CDEs are data elements that have been identified and defined for use in multiple data sets across different studies. Use of CDEs can facilitate data sharing and standardization to improve data quality and enable data integration from multiple studies and sources, including electronic health records.
NIH ICs have identified CDEs for many clinical domains (e.g., neurological disease), types of studies (e.g. genome-wide association studies (GWAS)), types of outcomes (e.g., patient-reported outcomes), and patient registries (e.g., the Global Rare Diseases Patient Registry and Data Repository). NIH has established a Common Data Element (CDE) Resource Portal" ( http://cde. nih.
gov/ ) to assist investigators in identifying NIH-supported CDEs when developing protocols, case report forms, and other instruments for data collection.
Based on current listing details, eligibility includes: Nonprofits, Universities, State/local governments, For-profits, Small businesses, Individuals Applicants should confirm final requirements in the official notice before submission.
Current published award information indicates Varies Always verify allowable costs, matching requirements, and funding caps directly in the sponsor documentation.
The current target date is rolling deadlines or periodic funding windows. Build your timeline backwards from this date to cover registrations, approvals, attachments, and final submission checks.

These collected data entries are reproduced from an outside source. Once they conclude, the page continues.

(* Otherwise switching from [ps] to [p'] at the single state where [p'] wins gives a
   policy whose Bellman operator maps [J ps] below itself, strictly there, so its
   total cost is smaller. *)
Lemma Stilde_min_bellman pi ps :
  (forall p, Stilde i (upd pi i ps) <= Stilde i (upd pi i p)) ->
  forall p' x, J i (upd pi i ps) x <= bellman_op i (upd pi i p') (J i (upd pi i ps)) x.
Proof.
move=> ps_min p' x0; apply: Rnot_lt_le => improves.
pose p'' : policy g i := [ffun y => if y == x0 then p' y else ps y].
have p''E y : p'' y = if y == x0 then p' y else ps y by rewrite ffunE.
have sup y : bellman_op i (upd pi i p'') (J i (upd pi i ps)) y <= J i (upd pi i ps) y.
  have [->|yx0] := eqVneq y x0.
    by rewrite (@bellman_op_upd pi p'' p') ?p''E ?eqxx //; lra.
  rewrite (@bellman_op_upd pi p'' ps) ?p''E ?(negbTE yx0) //.
  by rewrite -J_bellman; lra.
have sup0 : bellman_op i (upd pi i p'') (J i (upd pi i ps)) x0 < J i (upd pi i ps) x0.
  by rewrite (@bellman_op_upd pi p'' p') ?p''E ?eqxx.
have := ps_min p''; rewrite /Stilde.
by have := Rsum_lt _ _ _ (J_le_supersolution _ _ _ sup) (J_lt_supersolution _ _ _ _ sup sup0); lra.
Qed.

Lemma best_reply_exists pi : exists p, best_reply pi i p.
Proof.
have [ps ps_min] := Rfinite_argmin (fun p => Stilde i (upd pi i p)) (pi i).
exists ps => p x; apply: J_ge_subsolution => y.
exact: Stilde_min_bellman.
Qed.

End BestReplies.

Section MinimalSets.
Context {T : finType}.

Definition minimal (C : (T -> Prop) -> Prop) (S : T -> Prop) :=
  C S /\ forall S', C S' -> (forall p, S' p -> S p) -> forall p, S p -> S' p.

Lemma minimal_sub (C : (T -> Prop) -> Prop) S : C S ->
  exists S', minimal C S' /\ forall p, S' p -> S p.
Proof.
move=> CS; pose set_of (S : T -> Prop) := [set p | if excluded_middle_informative (S p) then true else false].
have in_set_of S' p : p \in set_of S' <-> S' p.
  by rewrite inE; case: excluded_middle_informative.
have [n] := ubnP #|set_of S|; elim: n => // n IH in S CS *; rewrite ltnS => cardS.
have [S_min|S_not_min] := classic (minimal C S); first by exists S.
have [S' [CS' [S'S not_SS']]] :
    exists S', C S' /\ (forall p, S' p -> S p) /\ ~ (forall p, S p -> S' p).
  apply: NNPP => no_S'; apply: S_not_min; split=> // S' CS' S'S.
  by apply: NNPP => not_SS'; apply: no_S'; exists S'.
have [p0 not_imp] := not_all_ex_not _ _ not_SS'.
have [Sp0 not_S'p0] := imply_to_and _ _ not_imp.
have S'_proper : set_of S' \proper set_of S.
  apply/properP; split; first by apply/subsetP => p /in_set_of/S'S/in_set_of.
  by exists p0; [apply/in_set_of | apply/negP => /in_set_of].
have [S'' [S''_min S''S']] := IH S' CS' (leq_trans (proper_card S'_proper) cardS).
by exists S''; split=> // p /S''S'/S'S.
Qed.

End MinimalSets.

Section CumberSets.
Context {g : game}.
Implicit Types (pi pt : jpolicy g).

Lemma equilibrium_BRt pi pt : equilibrium pi -> BRt pi pt -> pt = pi.
Proof.
move=> eq_pi br; apply/ffunP => j; apply: NNPP => ne.
have [_ [x improves]] := br j ne.
by have := eq_pi j (pt j) x; rewrite upd_id; lra.
Qed.

Lemma BRt_upd_best_reply pi j p :
  best_reply pi j p -> ~ best_reply pi j (pi j) -> BRt pi (upd pi j p).
Proof.
move=> br_p not_br k; have [<-|jk] := eqVneq j k; last by rewrite upd_neq.
rewrite upd_eq => _; split=> //.
have [q /not_all_ex_not[x /Rnot_le_lt]] := not_all_ex_not _ _ not_br.
by rewrite upd_id => q_better; exists x; have := br_p q x; lra.
Qed.

Lemma equilibrium_cumberE pi : equilibrium pi <-> cumber (fun p => p = pi).
Proof.
split=> [eq_pi|[_ closed] j].
  by split=> [|p pt -> br]; [exists pi | exact: equilibrium_BRt].
apply: NNPP => not_br; have [p br_p] := best_reply_exists j pi.
have upd_fixed := closed _ _ erefl (BRt_upd_best_reply _ _ _ br_p not_br).
have p_eq : p = pi j by rewrite -[in RHS]upd_fixed upd_eq.
by apply: not_br; rewrite -p_eq.
Qed.

Lemma min_cumber_singleton pi :
  cumber (fun p => p = pi) -> min_cumber (fun p => p = pi).
Proof. by move=> c; split=> // S [[p Sp] _] sub _ ->; rewrite -(sub p Sp). Qed.

Definition sbr_reachable pi pt := exists s, sbr_path pi s /\ last pi s = pt.

Lemma sbr_path_rcons pi s pt :
  sbr_path pi s -> pt <> last pi s -> BRt (last pi s) pt -> sbr_path pi (rcons s pt).
Proof.
elim: s pi => [|q s IH] pi //= [q_ne [br path_s]] *.
by do 2!split=> //; apply: IH.
Qed.

Lemma Lcumber_sbr_reachable Lam pi : Lcumber Lam (sbr_reachable pi).
Proof.
split=> [|q pt [s [path_s last_s]] br]; first by exists pi, [::].
have [->|ne] := classic (pt = q); first by exists s.
exists (rcons s pt); split; last by rewrite last_rcons.
by apply: sbr_path_rcons; rewrite ?last_s // => k /br[].
Qed.

End CumberSets.

Theorem mainTheorem6 (g : game) (Lam : 'I_(nDM g) -> R) :
  (forall pi : jpolicy g, equilibrium pi <-> min_cumber (fun p => p = pi)) /\
  (forall pi : jpolicy g, ~ Pi_cumber Lam pi ->
     exists s : seq (jpolicy g), sbr_path pi s /\ Pi_cumber Lam (last pi s)).
Proof.
split=> pi.
  rewrite equilibrium_cumberE; split=> [|[]//]; exact: min_cumber_singleton.
move=> _.
have [S [S_min S_reach]] := minimal_sub _ _ (Lcumber_sbr_reachable Lam pi).
have [[[q Sq] _] _] := S_min.
have [s [path_s last_s]] := S_reach q Sq.
by exists s; split=> //; rewrite last_s; exists S.
Qed.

Federal grant success rates typically range from 10-30%, varying by agency and program. Build a strong proposal with clear objectives, measurable outcomes, and a well-justified budget to improve your chances.

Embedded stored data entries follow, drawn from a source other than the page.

Lemma Psi_tt_spec x t : 0 < t -> derivable_pt_lim (Psi_t x) t (Psi_tt x t).
Proof.
  intros Ht. apply derivable_pt_lim_scal.
  apply (derivable_pt_lim_mult (fun t => mom (vr x) 1 (tau t)) tau1).
  - apply mom_tau_derivable; [apply Hvr_r | apply jcont_continuity, Hvrr_c | exact Ht].
  - now apply tau1_derivable.
Qed.

Lemma Psi_i_spec i x t :
  derivable_pt_lim (fun s => Psi (setc x i s) t) (x i) (Psi_i i x t).
Proof. apply derivable_pt_lim_scal, mom_derivable_setc; auto. Qed.

Lemma Psi_ii_spec i x t :
  derivable_pt_lim (fun s => Psi_i i (setc x i s) t) (x i) (Psi_ii i x t).
Proof. apply derivable_pt_lim_scal, mom_derivable_setc; auto. Qed.

(* By the wave equation, the Laplacian of psi is the average of v_rr. *)
Lemma Psi_laplacian x t : fsum n (fun i => Psi_ii i x t) = 3/2 * mom (vrr x) 0 (tau t).
Proof.
  unfold Psi_ii. rewrite fsum_mull, mom_fsum by (intros; apply jcont_continuity, Hd2_c).
  f_equal. unfold mom. apply RInt_ext. intros s _. now rewrite Hwave.
Qed.

Lemma Psi_equation x t : 0 < t ->
  Psi_tt x t - Rpower t (-4/3) * fsum n (fun i => Psi_ii i x t) + 2 / t * Psi_t x t = 0.
Proof.
  intros Ht. pose (u := Rpower t (1/3)).
  assert (Hu : 0 < u) by (unfold u, Rpower; apply exp_pos).
  assert (Htau : tau t = 3 * u) by reflexivity.
  assert (Htau1 : tau1 t = / u ^ 2).
  { unfold tau1, u. rewrite <- Rpower_neg_thirds by exact Ht. f_equal. simpl. field. }
  assert (Htau2 : tau2 t = -2/3 * / u ^ 5).
  { unfold tau2, u. rewrite <- Rpower_neg_thirds by exact Ht. do 2 f_equal. simpl. field. }
  assert (Hpow : Rpower t (-4/3) = / u ^ 4).
  { unfold u. rewrite <- Rpower_neg_thirds by exact Ht. f_equal. simpl. field. }
  assert (Hibp := mom_ibp (vr x) (vrr x) (tau t) (Hvr_r x)
                    (jcont_continuity _ x Hvrr_c) (Hvr_0 x)).
  rewrite Psi_laplacian. unfold Psi_tt, Psi_t.
  rewrite Htau1, Htau2, Hpow, Htau. rewrite Htau in Hibp.
  replace (2 / t) with (2 / u ^ 3) by (unfold u; now rewrite cbrt_cube).
  now apply wave_average_algebra.
Qed.

(* t psi -> 0: t psi = (tau/3)^3 * 3/2 mom (v x) 0 tau. *)
Lemma Psi_limit_0 x : limit1_in (fun t => t * Psi x t) (fun t => 0 < t) 0 0.
Proof.
  apply (limit_through_tau _ (fun T => (T / 3) ^ 3 * (3/2 * mom (v x) 0 T))).
  - apply continuity_pt_mult; [reg |].
    apply continuity_pt_scal, (mom_continuity _ (vr x));
      [apply Hv_r | apply jcont_continuity, Hvr_c].
  - simpl. field.
  - intros t Ht. unfold Psi, tau.
    replace (3 * Rpower t (1/3) / 3) with (Rpower t (1/3)) by field.
    now rewrite cbrt_cube.
Qed.

(* t psi_t + psi -> v(x,0): using t tau1 t = tau t / 3, it is a continuous
   function of tau whose value at 0 is 3/2 v(x,0) int_0^1 (1 - s^2) ds. *)
Lemma Psi_limit_1 x :
  limit1_in (fun t => t * Psi_t x t + Psi x t) (fun t => 0 < t) (v x 0) 0.
Proof.
  apply (limit_through_tau _ (fun T => T / 2 * mom (vr x) 1 T + 3/2 * mom (v x) 0 T)).
  - apply continuity_pt_plus; apply continuity_pt_mult; try reg.
    + apply (mom_continuity _ (vrr x)); [apply Hvr_r | apply jcont_continuity, Hvrr_c].
    + apply (mom_continuity _ (vr x)); [apply Hv_r | apply jcont_continuity, Hvr_c].
  - rewrite !mom_at_0, RInt_wgt_0. field.
  - intros t Ht. unfold Psi_t, Psi.
    replace (t * (3/2 * (mom (vr x) 1 (tau t) * tau1 t)))
      with (3/2 * (t * tau1 t) * mom (vr x) 1 (tau t)) by ring.
    rewrite t_tau1 by exact Ht. field.
Qed.

End WaveAverage.

Theorem corollary2p6 (n : nat) (phi1 : Rn n -> R) (v : Rn n -> R -> R)
  (psi : Rn n -> R -> R) :
  C0k (Nat.div n 2 + 2) phi1 ->
  is_wave_solution phi1 v ->
  (forall x t, 0 < t ->
     exists pr : Riemann_integrable
                   (fun s => v x (3 * Rpower t (1/3) * s) * (1 - s ^ 2)) 0 1,
       psi x t = 3 / 2 * RiemannInt pr) ->
  exists (psit psitt : Rn n -> R -> R) (d1 d2 : Fin.t n -> Rn n -> R -> R),
    (forall x t, 0 < t ->
       derivable_pt_lim (fun s => psi x s) t (psit x t) /\
       derivable_pt_lim (fun s => psit x s) t (psitt x t) /\
       (forall i,
          derivable_pt_lim (fun s => psi (setc x i s) t) (x i) (d1 i x t) /\
          derivable_pt_lim (fun s => d1 i (setc x i s) t) (x i) (d2 i x t)) /\
       psitt x t - Rpower t (-4/3) * fsum n (fun i => d2 i x t)
         + 2 / t * psit x t = 0) /\
    (forall x, limit1_in (fun t => t * psi x t) (fun t => 0 < t) 0 0) /\
    (forall x, limit1_in (fun t => t * psit x t + psi x t) (fun t => 0 < t)
                 (phi1 x) 0).
Proof.
  intros _ Hw Hpsi.
  assert (Hv0 : forall x, v x 0 = phi1 x) by apply Hw.
  destruct (wave_solution_regular phi1 v Hw)
    as (vr & vrr & d1 & d2 & [Hv_r Hvr_r Hv_i Hd1_i Hwave Hvr_0 Hv_c Hvr_c Hvrr_c Hd1_c Hd2_c]).
  assert (Hpsi_Psi : forall x t, 0 < t -> psi x t = Psi v x t).
  { intros x t Ht. destruct (Hpsi x t Ht) as [pr ->]. rewrite <- RInt_Reals.
    unfold Psi, mom, wgt, tau. f_equal. apply RInt_ext. intros s _. simpl. ring. }
  exists (Psi_t vr), (Psi_tt vr vrr), (Psi_i d1), (Psi_ii d2).
  split; [| split].
  - intros x t Ht. split; [| split; [| split]].
    + apply (derivable_pt_lim_ext_pos _ (Psi v x)); [intros; now apply Hpsi_Psi | exact Ht |].
      now apply Psi_t_spec.
    + now apply Psi_tt_spec.
    + intros i. split; [| now apply Psi_ii_spec].
      replace (fun s => psi (setc x i s) t) with (fun s => Psi v (setc x i s) t)
        by (apply functional_extensionality; intros; now rewrite Hpsi_Psi).
      now apply Psi_i_spec.
    + now apply Psi_equation.
  - intros x. apply (limit1_in_ext_pos _ (fun t => t * Psi v x t));
      [intros; now rewrite Hpsi_Psi | now apply (Psi_limit_0 v vr)].
  - intros x. rewrite <- Hv0.
    apply (limit1_in_ext_pos _ (fun t => t * Psi_t vr x t + Psi v x t));
      [intros; now rewrite Hpsi_Psi | now apply (Psi_limit_1 v vr vrr)].
Qed.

Requirements vary by sponsor, but typically include a project narrative, budget justification, organizational capability statement, and key personnel CVs. Check the official notice for the complete list of required attachments.
Yes — AI tools like Granted can help research funders, draft proposal sections, and check compliance. However, always review and customize AI-generated content to reflect your organization's unique strengths and the specific requirements of the solicitation.
Review timelines vary by funder. Federal agencies typically take 3-6 months from submission to award notification. Foundation grants may be faster, often 1-3 months. Check the program's timeline in the official solicitation for specific dates.
Many federal programs offer multi-year funding or allow competitive renewals. Check the official solicitation for continuation and renewal policies. Non-competing continuation applications are common for multi-year awards.